At the center of it all is Hsiao, 51. Raised in Taiwan by an American mother and a Taiwanese father who was a Presbyterian minister, Hsiao moved to Montclair, New Jersey, in her teens and attended Oberlin College before earning a master’s degree in political science from Columbia University.

She draws much of her influence from her close relationship with Taiwan’s president, Tsai Ing-wen, who represents Taiwan’s pro-independence Democratic Progressive Party and for whom Hsiao once served as spokesperson. In addition, Hsiao counts Bolton and Biden’s top National Security Council official for Asia, Kurt Campbell, as decadeslong friends.

For years, U.S. officials prohibited Hsiao’s predecessors from visiting the White House and the State Department. Such guidelines have relaxed over time, and she now pays regular, if discreet, visits to the West Wing and Foggy Bottom.

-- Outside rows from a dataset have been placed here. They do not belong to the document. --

(* By [ker_root] the value does not depend on the representative chosen. *)
Definition extend_at (e : A) : k :=
  (map_poly phi (epsilon (inhabits 0) (fun p => poly_on S p /\ e = p.[x]))).[a].

Lemma extend_at_horner p : poly_on S p -> extend_at p.[x] = (map_poly phi p).[a].
Proof.
move=> Sp; rewrite /extend_at; set q := epsilon _ _.
have [Sq pq] : poly_on S q /\ p.[x] = q.[x].
  by apply: (epsilon_spec _ (fun q => poly_on S q /\ p.[x] = q.[x])); exists p.
apply/eqP; rewrite -subr_eq0 -hornerN -hornerD -(map_onB subS hom_phi Sq Sp).
apply/eqP/ker_root.
  exact (poly_onB subS Sq Sp).
by rewrite hornerD hornerN pq subrr.
Qed.

Lemma extend_at_base s : S s -> extend_at s = phi s.
Proof.
move=> Ss; rewrite -(hornerC s x) extend_at_horner ?(map_onC hom_phi) ?hornerC //.
exact: poly_onC.
Qed.

Lemma hom_on_extend_at : hom_on (adjoin S x) extend_at.
Proof.
split=> [c | _ _ [p Sp ->] [q Sq ->] | _ _ [p Sp ->] [q Sq ->]].
- by rewrite (extend_at_base (subalg_scalar subS c)) (hom_on_scalar hom_phi).
- rewrite -hornerD !extend_at_horner ?(map_onD hom_phi) ?hornerD //.
  exact (poly_onD subS Sp Sq).
- rewrite -hornerM !extend_at_horner ?(map_onM subS hom_phi) ?hornerM //.
  exact (poly_onM subS Sp Sq).
Qed.

End ExtensionAtRoot.

Section ImageIdeal.
Variables (k : fieldType) (A : comAlgType k) (S : A -> Prop) (x : A) (g : {poly A}).
Variable phi : A -> k.
Hypotheses (subS : subalg_closed S) (hom_phi : hom_on S phi).
Hypotheses (Sg : poly_on S g) (gx0 : g.[x] = 0) (phi_lc : phi (lead_coef g) != 0).

Definition image_ideal (h : {poly k}) : Prop :=
  exists2 p, poly_on S p /\ p.[x] = 0 & h = map_poly phi p.

Lemma image_idealD h1 h2 : image_ideal h1 -> image_ideal h2 -> image_ideal (h1 + h2).
Proof.
move=> [p [Sp px0] ->] [q [Sq qx0] ->].
exists (p + q); last by rewrite (map_onD hom_phi Sp Sq).
by split; [exact (poly_onD subS Sp Sq) | rewrite hornerD px0 qx0 addr0].
Qed.

Lemma image_idealMl r h : image_ideal h -> image_ideal (r * h).
Proof.
move=> [p [Sp px0] ->]; pose r' := map_poly (in_alg A) r.
have Sr' : poly_on S r' by move=> i; rewrite coef_map /=; apply: (subalg_scalar subS).
have phi_r' : map_poly phi r' = r.
  by apply/polyP => i; rewrite (coef_map_on hom_phi) coef_map /= (hom_on_scalar hom_phi).
exists (r' * p); last by rewrite (map_onM subS hom_phi Sr' Sp) phi_r'.
by split; [exact (poly_onM subS Sr' Sp) | rewrite hornerM px0 mulr0].
Qed.

Lemma size_gt1 : (1 < size g)%N.
Proof.
rewrite ltnNge; apply/negP => /size1_polyC g_const.
have g0 : g`_0 = 0 by rewrite -(hornerC g`_0 x) -g_const.
by move: phi_lc; rewrite g_const lead_coefC g0 (hom_on0 hom_phi) eqxx.
Qed.

Lemma image_ideal_neq1 : ~ image_ideal 1.
Proof.
(* For q := p - 1 we have q.[x] = -1, so c ^+ N + R kills the powers of x and
   has determinant 0, whereas phi maps it to the scalar matrix phi c ^+ N. *)
case=> p [Sp px0] phi_p1.
pose c := lead_coef g; pose d := (size g).-1.
have Sq : poly_on S (p - 1) := poly_onB subS Sp (poly_on1 subS).
have kill_q i : phi (p - 1)`_i = 0.
  rewrite coefB (hom_onB subS hom_phi (Sp i) (poly_on1 subS i)) coef1.
  by rewrite (hom_on_nat hom_phi) -(coef_map_on hom_phi p) -phi_p1 coef1 subrr.
have [N [R [SR RX kill_R]]] := reduction_matrix subS Sg gx0 Sq.
pose M := (c ^+ N)%:M + R.
have M0 : M *m powers_col x d = 0.
  rewrite mulmxDl RX mul_scalar_mx hornerD hornerN px0 hornerC sub0r mulrN1 scaleNr.
  by rewrite addrN.
have d_gt0 : (0 < d)%N by rewrite /d -subn1 subn_gt0 size_gt1.
have Sc : S c := Sg _.
have Sdiag (i j : 'I_d) : S (c ^+ N *+ (i == j)).
  by case: (i == j); [apply: subalgX | apply: subalg0].
have phiM : \matrix_(i, j) phi (M i j) = (phi c ^+ N)%:M.
  apply/matrixP => i j; rewrite !mxE (hom_onD hom_phi (Sdiag i j) (SR i j)).
  rewrite (kill_R phi hom_phi kill_q) addr0.
  by case: (i == j); rewrite ?(hom_on0 hom_phi) // (hom_onX subS hom_phi).
have := det_eq0_of_kernel M0 (i := Ordinal d_gt0); rewrite mxE expr0 => /(_ erefl).
move/(congr1 phi); rewrite (hom_on_det subS hom_phi) => [|i j]; last first.
  by rewrite !mxE; apply: (subalgD subS).
rewrite phiM det_scalar (hom_on0 hom_phi) -exprM => /eqP.
by rewrite expf_eq0 (negbTE phi_lc) andbF.
Qed.
(* Let $\lambda_{\min}<\lambda_{\max}$ and let $h\colon\mathbb{R}\to\mathbb{R}$ be continuous and $(\lambda_{\max}-\lambda_{\min})$-periodic, having only one maximum point on $[\lambda_{\min},\lambda_{\max})$ (i.e. on one period). Let $\mathcal{F}$ be the generalized von Mises family generated by $h$, consisting of the functions on $[\lambda_{\min},\lambda_{\max}]$ \[ f_{a,b,s}(\lambda)=\exp\bigl(b+a\,h(\lambda-s)\bigr),\qquad a\ge 0,\ b\in\mathbb{R},\ s\in\mathbb{R}. \] Assume $\mathcal{F}$ is closed under pointwise multiplication. Then $\mathcal{F}$ is the von Mises family, i.e. one can take $h(\lambda)=\cos\frac{2\pi\lambda}{\lambda_{\max}-\lambda_{\min}}$ (the family $\mathcal{F}$ coincides with $\{\exp(b+a\cos\frac{2\pi(\lambda-s)}{\lambda_{\max}-\lambda_{\min}}):a\ge0,\,b,s\in\mathbb{R}\}$). *)

From Stdlib Require Import Reals.
Open Scope R_scope.

Definition gvM_family (lmin lmax : R) (h : R -> R) (f : R -> R) : Prop :=
  exists a b s : R, 0 <= a /\
    forall lam, lmin <= lam <= lmax -> f lam = exp (b + a * h (lam - s)).

Definition unique_max_on_period (lmin lmax : R) (h : R -> R) : Prop :=
  exists! x0 : R, (lmin <= x0 < lmax) /\
    (forall y, lmin <= y < lmax -> h y <= h x0).

Definition mult_closed (F : (R -> R) -> Prop) : Prop :=
  forall f g, F f -> F g -> F (fun lam => f lam * g lam).

Definition vM_cos (lmin lmax : R) (lam : R) : R :=
  cos (2 * PI * lam / (lmax - lmin)).

From Stdlib Require Import Reals Lra Lia.
Open Scope R_scope.

(* Let T = lmax - lmin. Multiplying two members of the family shows that the
   translates a h(. - s), a >= 0, are closed under addition up to additive
   constants. Since h + h(. + T/2) has period T/2 while h has a unique maximum per
   period, that sum must be constant; centring h at its maximum and removing this
   constant gives a T-periodic, T/2-antiperiodic k, maximal exactly on TZ, whose
   translates a k(. + t) form a convex cone. The autocorrelation
   sum_j k(jT/N) k(x + jT/N) lies in that cone and is even and maximal at 0 on the
   grid (T/N)Z, so k is symmetric about a point that tends to 0 as N grows: k is
   even. Evenness turns k(x + s) + k(x - s) = a k(x + t) into d'Alembert's equation
   k(x + s) + k(x - s) = 2 k(s) k(x) / k(0); together with k(T/2) = -k(0) and
   k >= 0 on [0, T/4], the half-angle and Chebyshev recursions give
   k = k(0) cos(2 pi x / T) on the dyadic multiples of T, hence everywhere. *)

Lemma exists_floor_multiple (d y : R) : 0 < d -> exists m : Z, IZR m * d <= y < IZR m * d + d.
Proof.
  intros Hd. destruct (archimed (y / d)) as [Hgt Hle].
  exists (up (y / d) - 1)%Z. rewrite minus_IZR.
  assert (Hy : y = y / d * d) by (field; lra).
  set (r := y / d) in *. rewrite Hy. split; nra.
Qed.

Lemma periodic_Z (f : R -> R) (T : R) :
  (forall x, f (x + T) = f x) -> forall (j : Z) x, f (x + IZR j * T) = f x.
Proof.
  intros Hp j. induction j using Z.peano_ind; intros x.
  - f_equal. ring.
  - rewrite succ_IZR, <- (IHj x), <- (Hp (x + IZR j * T)). f_equal. ring.
  - rewrite <- Z.sub_1_r, minus_IZR, <- (IHj x), <- (Hp (x + (IZR j - 1) * T)). f_equal. ring.
Qed.

Lemma periodic_ext (a T : R) (F G : R -> R) : 0 < T ->
  (forall x, F (x + T) = F x) -> (forall x, G (x + T) = G x) ->
  (forall x, a <= x <= a + T -> F x = G x) -> forall x, F x = G x.
Proof.
  intros HT HF HG HFG x. destruct (exists_floor_multiple T (x - a) HT) as [j Hj].
  replace x with ((x - IZR j * T) + IZR j * T) by ring.
  rewrite (periodic_Z F T HF), (periodic_Z G T HG). apply HFG. lra.
Qed.

Lemma half_period_not_period (T : R) (j : Z) : 0 < T -> T / 2 <> IZR j * T.
Proof.
  intros HT E. assert (Hj : IZR (2 * j) = IZR 1).
  { rewrite mult_IZR. apply (Rmult_eq_reg_r T); [|lra]. simpl. lra. }
  apply eq_IZR in Hj. lia.
Qed.

Lemma exists_div_INR_lt (T e : R) : 0 < T -> 0 < e -> exists n : nat, T / INR (S n) < e.
Proof.
  intros HT He. destruct (archimed_cor1 (e / T)) as [[|n] [Hn Hpos]].
  - apply Rdiv_lt_0_compat; lra.
  - lia.
  - exists n. assert (0 < INR (S n)) by (apply lt_0_INR; lia).
    apply (Rmult_lt_compat_l T) in Hn; [|lra].
    replace (T * (e / T)) with e in Hn by (field; lra). exact Hn.
Qed.
(* Let $U\subseteq\mathbb{C}^{n\times n}$ and $V\subseteq\mathbb{C}^{k\times k}$ be linear subspaces and $U\circledast V\subseteq\mathbb{C}^{nk\times nk}$ the span of all Kronecker products $A\circledast B$ with $A\in U$, $B\in V$. Let $\mu_U,\mu_V,\mu_{U\circledast V}$ be the structure tensors of the matrix-vector products $U\times\mathbb{C}^n\to\mathbb{C}^n$, $V\times\mathbb{C}^k\to\mathbb{C}^k$, $(U\circledast V)\times\mathbb{C}^{nk}\to\mathbb{C}^{nk}$. Suppose $\operatorname{rank}(\mu_U)=\dim U$, $\operatorname{rank}(\mu_V)=\dim V$, and that the images of $U\otimes\mathbb{C}^n\to\mathbb{C}^n$ and $V\otimes\mathbb{C}^k\to\mathbb{C}^k$ (induced by the matrix-vector products) are all of $\mathbb{C}^n$ and $\mathbb{C}^k$ respectively. Then $\operatorname{rank}(\mu_{U\circledast V})=\operatorname{rank}(\mu_U)\operatorname{rank}(\mu_V)$.
   Context: $\circledast$ denotes the Kronecker product of matrices. Structure tensor of a bilinear map $\beta:U\times V\to W$: the unique $\mu_\beta\in U^*\otimes V^*\otimes W$ with $\beta(u,v)=\mu_\beta(u,v,\cdot)$. Rank: least number of decomposable tensors summing to the tensor. *)

From HB Require Import structures.
From mathcomp Require Import all_boot all_order all_algebra.
Set Implicit Arguments. Unset Strict Implicit. Unset Printing Implicit Defensive.
Import Order.TTheory GRing.Theory Num.Theory.
Local Open Scope ring_scope.

Lemma kron_div_proof n k (p : 'I_(n * k)) : (p %/ k < n)%N.
Proof.
case: k p => [|k] p; first by case: p => /= m; rewrite muln0.
by rewrite ltn_divLR // ltn_ord.
Qed.

Lemma kron_mod_proof n k (p : 'I_(n * k)) : (p %% k < k)%N.
Proof.
case: k p => [|k] p; first by case: p => /= m; rewrite muln0.
by rewrite ltn_pmod.
Qed.

Definition kron_fst n k (p : 'I_(n * k)) : 'I_n := Ordinal (kron_div_proof p).
Definition kron_snd n k (p : 'I_(n * k)) : 'I_k := Ordinal (kron_mod_proof p).

(* Kronecker product A [x] B : entry ((i1,i2),(j1,j2)) = A i1 j1 * B i2 j2,
   where (i1,i2) is identified with i1 * k + i2. *)
Definition kron (C : pzRingType) n k (A : 'M[C]_n) (B : 'M[C]_k) : 'M[C]_(n * k) :=
  \matrix_(p, q) (A (kron_fst p) (kron_fst q) * B (kron_snd p) (kron_snd q)).

Definition is_kron_span (C : fieldType) n k (U : {vspace 'M[C]_n})
    (V : {vspace 'M[C]_k}) (W : {vspace 'M[C]_(n * k)}) : Prop :=
  (forall A B, A \in U -> B \in V -> kron A B \in W) /\
  (forall W' : {vspace 'M[C]_(n * k)},
     (forall A B, A \in U -> B \in V -> kron A B \in W') -> (W <= W')%VS).

(* The structure tensor mu_U of the matrix-vector product U x C^m -> C^m,
   an element of U^* [x] (C^m)^* [x] C^m, is a sum of r decomposable tensors
   alpha_i [x] beta_i [x] w_i  (alpha_i a linear form on U, beta_i a linear form
   on C^m given by a row vector, w_i in C^m). *)
Definition mv_rank_le (C : fieldType) m (U : {vspace 'M[C]_m}) (r : nat) : Prop :=
  exists (alpha : 'I_r -> 'M[C]_m -> C) (beta : 'I_r -> 'rV[C]_m)
         (w : 'I_r -> 'cV[C]_m),
    (forall i (c : C) A B, A \in U -> B \in U ->
       alpha i (c *: A + B) = c * alpha i A + alpha i B) /\
    (forall A (v : 'cV[C]_m), A \in U ->
       A *m v = \sum_(i < r) (alpha i A * (beta i *m v) 0 0) *: w i).

Definition mv_rank_is (C : fieldType) m (U : {vspace 'M[C]_m}) (r : nat) : Prop :=
  mv_rank_le U r /\ forall r', mv_rank_le U r' -> (r <= r')%N.

Definition mv_image_full (C : fieldType) m (U : {vspace 'M[C]_m}) : Prop :=
  forall W : {vspace 'cV[C]_m},
    (forall A (v : 'cV[C]_m), A \in U -> A *m v \in W) -> W = fullv.

From HB Require Import structures.
From mathcomp Require Import all_boot all_order all_algebra.
From mathcomp Require Import zify.
Import Order.TTheory GRing.Theory Num.Theory.
Local Open Scope ring_scope.
Set Implicit Arguments. Unset Strict Implicit.

(* A decomposition [mu_U = sum_(i < r) alpha_i (x) beta_i (x) w_i] determines
   every A in U from the r numbers [alpha_i A], so [dim U <= rank mu_U]
   (flattening). When equality holds, the decomposition writes every A in U as
   [sum_i alpha_i A *: (w_i *m beta_i)], so U has a basis of rank-one matrices.
   Kronecker products of rank-one matrices are rank-one, and the products of
   two such bases form a basis of U (x) V; this basis gives a decomposition of
   length [dim U * dim V = dim (U (x) V)], matching the flattening bound. *)

Lemma kron_idx_proof d e (i : 'I_d) (j : 'I_e) : (i * e + j < d * e)%N.
Proof. by have := ltn_ord i; have := ltn_ord j; nia. Qed.

Definition kron_idx d e (i : 'I_d) (j : 'I_e) : 'I_(d * e) :=
  Ordinal (kron_idx_proof i j).

Lemma kron_fst_idx d e (i : 'I_d) (j : 'I_e) : kron_fst (kron_idx i j) = i.
Proof.
apply: val_inj => /=; have e_gt0 : (0 < e)%N by case: j => /= *; lia.
by rewrite divnMDl // divn_small ?addn0.
Qed.

Lemma kron_snd_idx d e (i : 'I_d) (j : 'I_e) : kron_snd (kron_idx i j) = j.
Proof. by apply: val_inj => /=; rewrite modnMDl modn_small. Qed.

Lemma kron_idxK d e (p : 'I_(d * e)) : kron_idx (kron_fst p) (kron_snd p) = p.
Proof. by apply: val_inj => /=; rewrite -divn_eq. Qed.

Lemma big_kron_idx (R : Type) (idx : R) (op : Monoid.com_law idx) d e
    (F : 'I_(d * e) -> R) :
  \big[op/idx]_(p < d * e) F p =
  \big[op/idx]_(i < d) \big[op/idx]_(j < e) F (kron_idx i j).
Proof.
rewrite pair_big (reindex (fun x : 'I_d * 'I_e => kron_idx x.1 x.2)) //=.
exists (fun p => (kron_fst p, kron_snd p)) => [[i j] _|p _] /=.
  by rewrite kron_fst_idx kron_snd_idx.
exact: kron_idxK.
Qed.

Section Kronecker.
Variable C : fieldType.

Definition kron_col n k (w : 'cV[C]_n) (w' : 'cV[C]_k) : 'cV[C]_(n * k) :=
  \col_p (w (kron_fst p) 0 * w' (kron_snd p) 0).

Definition kron_row n k (b : 'rV[C]_n) (b' : 'rV[C]_k) : 'rV[C]_(n * k) :=
  \row_p (b 0 (kron_fst p) * b' 0 (kron_snd p)).

Definition kron_tuple n k d e (M : d.-tuple 'M[C]_n) (N : e.-tuple 'M[C]_k) :
    (d * e).-tuple 'M[C]_(n * k) :=
  [tuple kron M`_(kron_fst p) N`_(kron_snd p) | p < d * e].

Definition outer_prods m r (w : 'I_r -> 'cV[C]_m) (b : 'I_r -> 'rV[C]_m) :
    r.-tuple 'M[C]_m :=
  [tuple w i *m b i | i < r].

Lemma kron_sum_scale n k d e (a : 'I_d -> C) (M : 'I_d -> 'M[C]_n)
    (a' : 'I_e -> C) (N : 'I_e -> 'M[C]_k) :
  kron (\sum_i a i *: M i) (\sum_j a' j *: N j) =
  \sum_i \sum_j (a i * a' j) *: kron (M i) (N j).
Proof.
apply/matrixP => p q; rewrite mxE !summxE mulr_suml; apply: eq_bigr => i _.
by rewrite !summxE mulr_sumr; apply: eq_bigr => j _; rewrite !mxE mulrACA.
Qed.

Lemma kron_outer n k (w : 'cV[C]_n) (b : 'rV[C]_n) (w' : 'cV[C]_k) (b' : 'rV[C]_k) :
  kron (w *m b) (w' *m b') = kron_col w w' *m kron_row b b'.
Proof. by apply/matrixP => p q; rewrite !mxE !big_ord1 !mxE mulrACA. Qed.

Lemma kron_outer_prods n k d e (w : 'I_d -> 'cV[C]_n) (b : 'I_d -> 'rV[C]_n)
    (w' : 'I_e -> 'cV[C]_k) (b' : 'I_e -> 'rV[C]_k) :
  kron_tuple (outer_prods w b) (outer_prods w' b') =
  outer_prods (fun p => kron_col (w (kron_fst p)) (w' (kron_snd p)))
              (fun p => kron_row (b (kron_fst p)) (b' (kron_snd p))).
Proof. by apply: eq_mktuple => p; rewrite !nth_mktuple kron_outer. Qed.

(* Reading the relation entrywise at [(a, a2), (b, b2)] gives, for fixed
   [(a, b)], a relation among the [N`_j]; freeness of N kills it, and then
   freeness of M kills the coefficients. *)
Lemma kron_tuple_free n k d e (M : d.-tuple 'M[C]_n) (N : e.-tuple 'M[C]_k) :
  free M -> free N -> free (kron_tuple M N).
Proof.
move=> /freeP freeM /freeP freeN; apply/freeP => c sum_c0 p.
rewrite -(kron_idxK p); move: (kron_fst p) (kron_snd p) => i j.
have sumN0 a b : \sum_j' ((\sum_i' c (kron_idx i' j') *: M`_i') a b) *: N`_j' = 0.
  apply/matrixP => a2 b2.
  have := congr1 (fun X : 'M_(n * k) => X (kron_idx a a2) (kron_idx b b2)) sum_c0.
  rewrite [in RHS]mxE summxE => entry0.
  rewrite [in RHS]mxE -[RHS]entry0 big_kron_idx exchange_big summxE; apply: eq_bigr => j' _.
  rewrite mxE summxE mulr_suml; apply: eq_bigr => i' _.
  by rewrite !mxE nth_mktuple !mxE !kron_fst_idx !kron_snd_idx mulrA.
have sumM0 : \sum_i' c (kron_idx i' j) *: M`_i' = 0.
  by apply/matrixP => a b; rewrite mxE (freeN _ (sumN0 a b) j).
exact: freeM sumM0 i.
Qed.

Lemma mem_nth_basis (vT : vectType C) (U : {vspace vT}) r (X : r.-tuple vT)
    (i : 'I_r) :
  basis_of U X -> X`_i \in U.
Proof.
move=> basisX; rewrite -(span_basis basisX) memv_span // mem_nth //.
by rewrite size_tuple.
Qed.

Lemma kron_tuple_basis n k d e (U : {vspace 'M[C]_n}) (V : {vspace 'M[C]_k})
    (W : {vspace 'M[C]_(n * k)}) (M : d.-tuple 'M[C]_n) (N : e.-tuple 'M[C]_k) :
  is_kron_span U V W -> basis_of U M -> basis_of V N ->
  basis_of W (kron_tuple M N).
Proof.
move=> [kronW minW] basisM basisN.
have freeK := kron_tuple_free (basis_free basisM) (basis_free basisN).
have sub_spanK : (W <= <<kron_tuple M N>>)%VS.
  apply: minW => A B; rewrite -(span_basis basisM) -(span_basis basisN).
  move=> /coord_span -> /coord_span ->; rewrite kron_sum_scale.
  apply: memv_suml => i _; apply: memv_suml => j _; apply: memvZ.
  have -> : kron M`_i N`_j = (kron_tuple M N)`_(kron_idx i j).
    by rewrite nth_mktuple kron_fst_idx kron_snd_idx.
  by rewrite memv_span // mem_nth // size_tuple.
rewrite basisEfree freeK size_tuple /=; apply/andP; split.
  apply/span_subvP => _ /(tnthP (kron_tuple M N)) [p ->]; rewrite (tnth_nth 0) nth_mktuple.
  exact: kronW (mem_nth_basis _ basisM) (mem_nth_basis _ basisN).
by have := dimvS sub_spanK; move/eqP: freeK => ->; rewrite size_tuple.
Qed.

End Kronecker.

Section StructureTensorRank.
Variable C : fieldType.

Lemma mulmx_colP m (A B : 'M[C]_m) : (forall v : 'cV[C]_m, A *m v = B *m v) -> A = B.
Proof.
move=> eqAB; apply/matrixP => a j.
have := congr1 (fun v : 'cV_m => v a 0) (eqAB (delta_mx j 0)).
by rewrite -!colE !mxE.
Qed.

Lemma rank_one_apply m (w : 'cV[C]_m) (b : 'rV[C]_m) (v : 'cV[C]_m) :
  w *m b *m v = (b *m v) 0 0 *: w.
Proof. by rewrite -mulmxA {1}[b *m v]mx11_scalar mul_mx_scalar. Qed.

Lemma linear_on_sum (vT : vectType C) (U : {vspace vT}) (f : vT -> C)
    (I : Type) (s : seq I) (a : I -> C) (X : I -> vT) :
  (forall c A B, A \in U -> B \in U -> f (c *: A + B) = c * f A + f B) ->
  (forall i, X i \in U) ->
  f (\sum_(i <- s) a i *: X i) = \sum_(i <- s) a i * f (X i).
Proof.
move=> linf XU; have f0 : f 0 = 0.
  by have := linf (-1) 0 0 (mem0v _) (mem0v _); rewrite scaler0 add0r mulN1r addNr.
elim: s => [|x s IHs]; first by rewrite !big_nil.
by rewrite !big_cons linf ?IHs // memv_suml // => i _; apply: memvZ.
Qed.

Lemma dimv_le_mv_rank m (U : {vspace 'M[C]_m}) r : mv_rank_le U r -> (\dim U <= r)%N.
Proof.
case=> alpha [beta [w [lin_alpha decomp]]].
set X := vbasis U.
have XU j : X`_j \in U.
  have [j_lt|j_ge] := ltnP j (\dim U); last by rewrite nth_default ?mem0v // size_tuple.
  by rewrite (vbasis_mem (mem_nth 0 _)) // size_tuple.
pose Y := [tuple \row_(i < r) alpha i X`_j | j < \dim U].
suff freeY : free Y.
  by have := dimvS (subvf <<Y>>); rewrite dimvf; move/eqP: freeY => ->;
     rewrite size_tuple /dim /= mul1n.
apply/freeP => a sum_a0 j.
have sumX0 : \sum_(j < \dim U) a j *: X`_j = 0.
  apply: mulmx_colP => v; rewrite mul0mx decomp ?memv_suml // => [|i _]; last exact: memvZ.
  apply: big1 => i _; rewrite (linear_on_sum _ _ (lin_alpha i)) //.
  have := congr1 (fun y : 'rV_r => y 0 i) sum_a0; rewrite summxE mxE.
  under eq_bigr do rewrite mxE nth_mktuple mxE.
  by move=> ->; rewrite mul0r scale0r.
by move/freeP: (basis_free (vbasisP U)) => /(_ a sumX0 j).
Qed.

Lemma mv_rank_le_span m r (w : 'I_r -> 'cV[C]_m) (b : 'I_r -> 'rV[C]_m)
    (U : {vspace 'M[C]_m}) :
  (U <= <<outer_prods w b>>)%VS -> mv_rank_le U r.
Proof.
move=> sub_span; exists (fun i A => coord (outer_prods w b) i A), b, w; split.
  by move=> i c A B _ _; rewrite linearP.
move=> A v AU; rewrite {1}(coord_span (subvP sub_span _ AU)) mulmx_suml.
by apply: eq_bigr => i _; rewrite nth_mktuple -scalemxAl rank_one_apply scalerA.
Qed.

Lemma mv_rank_dim_basis m (U : {vspace 'M[C]_m}) :
  mv_rank_le U (\dim U) ->
  exists w b, basis_of U (outer_prods w b : (\dim U).-tuple 'M[C]_m).
Proof.
case=> alpha [b [w [_ decomp]]]; exists w, b.
rewrite basisEdim size_tuple leqnn andbT; apply/subvP => A AU.
have -> : A = \sum_(i < \dim U) alpha i A *: (outer_prods w b)`_i.
  apply: mulmx_colP => v; rewrite decomp // mulmx_suml; apply: eq_bigr => i _.
  by rewrite nth_mktuple -scalemxAl rank_one_apply scalerA.
by apply: memv_suml => i _; rewrite memvZ // memv_span // mem_nth // size_tuple.
Qed.

End StructureTensorRank.

Theorem mainTheorem12 (C : numClosedFieldType) (n k : nat)
    (U : {vspace 'M[C]_n}) (V : {vspace 'M[C]_k}) (W : {vspace 'M[C]_(n * k)})
    (rU rV : nat) :
  is_kron_span U V W ->
  mv_rank_is U rU -> mv_rank_is V rV ->
  rU = \dim U -> rV = \dim V ->
  mv_image_full U -> mv_image_full V ->
  mv_rank_is W (rU * rV).
Proof.
move=> kronW [rankU _] [rankV _] eqU eqV _ _; subst rU rV.
have [w [b basisU]] := mv_rank_dim_basis rankU.
have [w' [b' basisV]] := mv_rank_dim_basis rankV.
have := kron_tuple_basis kronW basisU basisV; rewrite kron_outer_prods => basisW.
split; first by rewrite -(span_basis basisW); exact: mv_rank_le_span (subvv _).
by move=> r /dimv_le_mv_rank; rewrite (size_basis basisW).
Qed.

She is an undisguised regular on Capitol Hill, as when she sat next to Kevin McCarthy, then the House Republican leader, last summer for a livestreamed discussion by his caucus’s China Task Force. “She really does have the confidence of people here in Washington,” said Bonnie Glaser, a China expert with the German Marshall Fund who has also known Hsiao for many years.

Seated in an elegant reception hall at Twin Oaks, with a grand piano and floor-to-ceiling windows overlooking a rolling lawn, Hsiao described her position as “legally unofficial.”

For that, she blames Beijing. “The Taiwanese resent not only being bullied, but we resent being told that we cannot have any friends,” she said.